Солдаты Апшеронского полка: Матис. Перс. Математик. Анархисты (сборник). Александр Иличевский
На том конце сада старая белая лошадь, качнувшись со сна, шагнула за глухо упавшим яблоком. Хрупнула им – и заржала.
Вадя поежился, огляделся – и снова заспешил за паданками.
Тогда он поел яблок вдоволь. Надкусывал с мягкого битого места – и упивался соком, слюной оскомины. И потом просто нюхал, вдыхал раз за разом, и благоухание не истощалось, и яблоко казалось ему богатым, очень богатым.
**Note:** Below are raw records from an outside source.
(* Through the D's, B forces the edges K_{~X}K_{~Y} and K_{~Y}K_{~Z}; walks through
   the L's and the positive knees then force K_{~Y} to see a forbidden partner. *)
Lemma B_not_adj_all_Kneg : E Bset (Kn 1) -> E Bset (Kn 2) -> E Bset (Kn 3) -> False.
Proof.
move=> EB1 EB2 EB3.
have nonKK q : 1 <= q <= 3 -> ~ E (Kn q) (Kp q).
  by move=> hq; apply: Eforb; left; apply: split_Kneg_K.
have nonKL q : 1 <= q <= 3 -> ~ E (Kn q) (L q).
  by move=> hq; apply: Eforb; left; apply: split_Kneg_L.
have nonBD q : 1 <= q <= 3 -> ~ E Bset (Dset j q) by move=> hq; apply/Eforb/forb_B_D.
have E12 : E (Kn 1) (Kn 2).
  apply: NNPP => n12.
  have [|||x] := nbr_on_walk Bset (Kn 1) (Kn 2) [:: Dset j 1; Dset j 2] EB1 EB2 n12; sep_side.
  by rewrite !inE => /orP [] /eqP ->; apply: nonBD.
have E23 : E (Kn 2) (Kn 3).
  apply: NNPP => n23.
  have [|||x] := nbr_on_walk Bset (Kn 2) (Kn 3) [:: Dset j 2; Dset j 3] EB2 EB3 n23; sep_side.
  by rewrite !inE => /orP [] /eqP ->; apply: nonBD.
have n2K3 : ~ E (Kn 2) (Kp 3).
  move=> E2K3.
  have [|||x] := nbr_on_walk (Kn 2) (Kn 3) (Kp 3) [:: L 2; Kp 2] E23 E2K3 (nonKK 3 isT); sep_side.
  by rewrite !inE => /orP [] /eqP ->; [apply: nonKL | apply: nonKK].
have n2L3 : ~ E (Kn 2) (L 3).
  move=> E2L3.
  have [|||x] := nbr_on_walk (Kn 2) (Kn 3) (L 3) [:: L 2; Kp 2; Kp 3] E23 E2L3 (nonKL 3 isT);
    sep_side.
  by rewrite !inE => /or3P [] /eqP ->; [apply: nonKL | apply: nonKK | exact: n2K3].
have E21 := Esym E12.
have n2K1 : ~ E (Kn 2) (Kp 1).
  move=> E2K1.
  have [|||x] := nbr_on_walk (Kn 2) (Kn 1) (Kp 1) [:: L 3; Kp 3] E21 E2K1 (nonKK 1 isT); sep_side.
  by rewrite !inE => /orP [] /eqP ->; [exact: n2L3 | exact: n2K3].
have E2L1 : E (Kn 2) (L 1) by edge.
have [|||x] := nbr_on_walk (Kn 2) (Kn 1) (L 1) [:: L 3; Kp 3; Kp 1] E21 E2L1 (nonKL 1 isT);
  sep_side.
by rewrite !inE => /or3P [] /eqP ->; [exact: n2L3 | exact: n2K3 | exact: n2K1].
Qed.

End AllFalse.

(** * The assignment read off from the neighbourhood of B *)

Lemma B_S_or_Kneg {V j} : inDelta cls (lvar V) j ->
  E Bset (Sset j V) \/ E Bset (Kset cls j (lneg V)).
Proof.
move=> dV; have [p hp pV] := inDelta_clause_litP dV; have /andP [hj _] := dV.
case: (lit_same_var (esym pV)) => ->; first exact: B_S_or_Kneg_lit.
by rewrite lnegK; apply: B_S_neg_or_K_lit.
Qed.

Lemma B_not_adj_K_Kneg {V j} : inDelta cls (lvar V) j ->
  E Bset (Kset cls j V) -> E Bset (Kset cls j (lneg V)) -> False.
Proof.
move=> dV; have [p hp pV] := inDelta_clause_litP dV; have /andP [hj _] := dV.
case: (lit_same_var (esym pV)) => ->; first exact: B_not_adj_K_Kneg_lit.
by rewrite lnegK => EBKn EBK; apply: (B_not_adj_K_Kneg_lit _ _ hj hp EBK EBKn).
Qed.

Lemma B_not_adj_S_Sneg {V j j'} : inDelta cls (lvar V) j -> inDelta cls (lvar V) j' ->
  E Bset (Sset j V) -> E Bset (Sset j' (lneg V)) -> False.
Proof.
move=> dj dj' EBS EBSn; have hi := inDelta_var_lt dj.
have [||||x] := nbr_on_walk Bset (Sset j V) (Sset j' (lneg V)) [:: Aset (lvar V)] EBS EBSn.
- exact: Eforb (forb_S_S dj dj').
- by case: V {dj dj' EBS EBSn hi} => i []; vtx_neq.
- by case: V {EBS EBSn} dj dj' hi => i [] dj dj' hi; walk_edges.
- by case: V {EBS EBSn} dj dj' hi => i [] dj dj' hi; notin_walk.
by rewrite inE => /eqP -> /(Eforb (forb_B_A hi)).
Qed.

Lemma B_adj_S_K_of_not_adj_Sneg {V j} : inDelta cls (lvar V) j -> ~ E Bset (Sset j (lneg V)) ->
  [/\ E Bset (Sset j V), E Bset (Kset cls j V) & ~ E Bset (Kset cls j (lneg V))].
Proof.
move=> dV nEBSn.
have EBK : E Bset (Kset cls j V).
  by case: (B_S_or_Kneg (V := lneg V) dV) => //; rewrite lnegK.
have nEBKn : ~ E Bset (Kset cls j (lneg V)) by apply: B_not_adj_K_Kneg EBK.
by case: (B_S_or_Kneg dV).
Qed.

Definition shoulder_assignment (i : nat) : bool :=
  if excluded_middle_informative (exists j, inDelta cls i j /\ E Bset (Sset j (pos i)))
  then true else false.

Local Notation sigma := shoulder_assignment.

Lemma B_adj_S_K_iff_true {V j} : inDelta cls (lvar V) j ->
  (E Bset (Sset j V) <-> lit_val sigma V) /\ (E Bset (Kset cls j V) <-> lit_val sigma V).
Proof.
move=> dV; set T : lit := (lvar V, sigma (lvar V)).
have nEBSn : ~ E Bset (Sset j (lneg T)).
  rewrite /T /sigma; case: excluded_middle_informative => [[j0 [dj0 EBS0]]|nEBS] EBS /=.
    exact: (B_not_adj_S_Sneg (V := pos (lvar V)) dj0 dV EBS0 EBS).
  by apply: (nEBS); exists j.
have [EBS EBK nEBKn] := B_adj_S_K_of_not_adj_Sneg (V := T) dV nEBSn.
have vT : lit_val sigma T by rewrite /lit_val /=; case: (sigma _).
case: (@lit_same_var V T erefl) => ->.
  by rewrite vT.
by rewrite lit_val_neg vT.
Qed.

Lemma clause_exactly_one_true j : j < size cls ->
  (lit_val sigma (clit j 1) + lit_val sigma (clit j 2) + lit_val sigma (clit j 3) = 1)%N.
Proof.
move=> hj.
have iff_lit p := B_adj_S_K_iff_true (inDelta_clause_lit j p hj).
have iff_neg p := B_adj_S_K_iff_true (V := lneg (clit j p)) (inDelta_clause_lit j p hj).
have not_two p : 1 <= p <= 3 ->
    ~~ (lit_val sigma (clit j p) && lit_val sigma (clit j (next3 p))).
  move=> hp; apply/negP => /andP [vp vq].
  have EBS := (iff_lit (next3 p)).1.2 vq.
  have EBK := (iff_lit p).2.2 vp.
  have := (iff_neg (next3 p)).2.1 (B_adj_Kneg_next _ _ hj hp EBS EBK).
  by rewrite lit_val_neg vq.
have Kn q : ~~ lit_val sigma (clit j q) -> E Bset (Kset cls j (lneg (clit j q))).
  by move=> nq; apply/(iff_neg q).2; rewrite lit_val_neg.
apply: exactly_one_of_three; [exact: (not_two 1) | exact: (not_two 2) | exact: (not_two 3) |].
apply/negPn/negP; rewrite !negb_or => /andP [/andP [n1 n2] n3].
exact: (B_not_adj_all_Kneg _ hj (Kn 1 n1) (Kn 2 n2) (Kn 3 n3)).
Qed.

Lemma shoulder_assignment_satisfying : satisfying cls sigma.
Proof.
move=> c cin; have hj : index c cls < size cls by rewrite index_mem.
have hc : clause_at cls (index c cls) = c by rewrite /clause_at nth_index.
by have := clause_exactly_one_true _ hj; rewrite hc.
Qed.

Lemma B_adj_true_shoulder_or_knee P : true_shoulder_or_knee cls sigma P -> E Bset P.
Proof.
case=> [[j [V [dV [vV [->|->]]]]] | [j [hj]]].
- exact/(B_adj_S_K_iff_true dV).1.
- exact/(B_adj_S_K_iff_true dV).2.
have EBL p : 1 <= p <= 3 -> lit_val sigma (clit j p) -> E Bset (Lset cls j p).
  move=> hp vp; apply: (B_adj_L_of_not_adj_Sneg _ _ hj hp).
  move/(B_adj_S_K_iff_true (V := lneg _) (inDelta_clause_lit _ p hj)).1.
  by rewrite lit_val_neg vp.
by case=> [[+ ->]|[+ ->]|[+ ->]]; [exact: (EBL 1) | exact: (EBL 2) | exact: (EBL 3)].
Qed.

Lemma G_sigma_subgraph P Q : G_sigma n cls sigma P Q -> E P Q.
Proof.
case=> [/Eint //|[[-> /B_adj_true_shoulder_or_knee //]|[-> /B_adj_true_shoulder_or_knee]]].
exact: Esym.
Qed.

End Reduction.

Theorem lemma11 (n : nat) (cls : seq clause) :
  wf_instance n cls ->
  forall E : vtx -> vtx -> Prop,
    chordal_sandwich (Qvertex n cls) (int_star n cls) (forb n cls) E ->
    exists sigma : nat -> bool,
      satisfying cls sigma /\
      (forall P P', G_sigma n cls sigma P P' -> E P P').
Proof.
move=> wf E sandwich; exists (shoulder_assignment cls E); split.
- exact: (shoulder_assignment_satisfying _ _ wf _ sandwich).
- exact: (G_sigma_subgraph _ _ wf _ sandwich).
Qed.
Это яблоко он не съел, положил в карман. Он оставит его потом на подоконнике на вокзале, в зале ожидания. Вадя имел такую привычку: оставлять что-нибудь съестное в аккуратном месте – так он делился. С кем? Не то с людьми, не то с Богом, – он не понимал, но делился, по закону.
И тут появилась Надя. Эта яблоня была ее добычей. По утрам она приходила к ней, брала из-под нее отборные плоды и несла на базар.
Надя подбежала к нему и толкнула. Он завалился на бок. Тогда она опустилась на колени и проворно поползла, подбирая в густой мокрой траве плоды, запястьем смазывая с них слизней, складывая в кучки.
Ваде за ней было не угнаться, он подсел к одной из кучек и стал выбирать оттуда помягче, по зубам. Надя подползла, похлопала его по плечу:
– Трутень. Ты трутень, – и засмеялась.
В Питере они продали два мешка яблок.
На электричках подались в Москву.
Надя
IX
Надя была почти немой. Ей настолько трудно было выразить свою душу, что, страдая, всё сильнее сжимая челюсти, она вдруг начинала жестикулировать: то ли показывая, то ли собираясь вколотить в собеседника то, что для нее самой так ясно, остро. Случалось, что Ваде и вправду попадало, и было больно всерьез. Надя, только еще больше расстроившись, отбегала, тяжело дышала, переминалась на месте, словно собираясь куда-то быстро идти, – и вдруг останавливалась, взмахивала рукой, сжимая и разжимая пальцы.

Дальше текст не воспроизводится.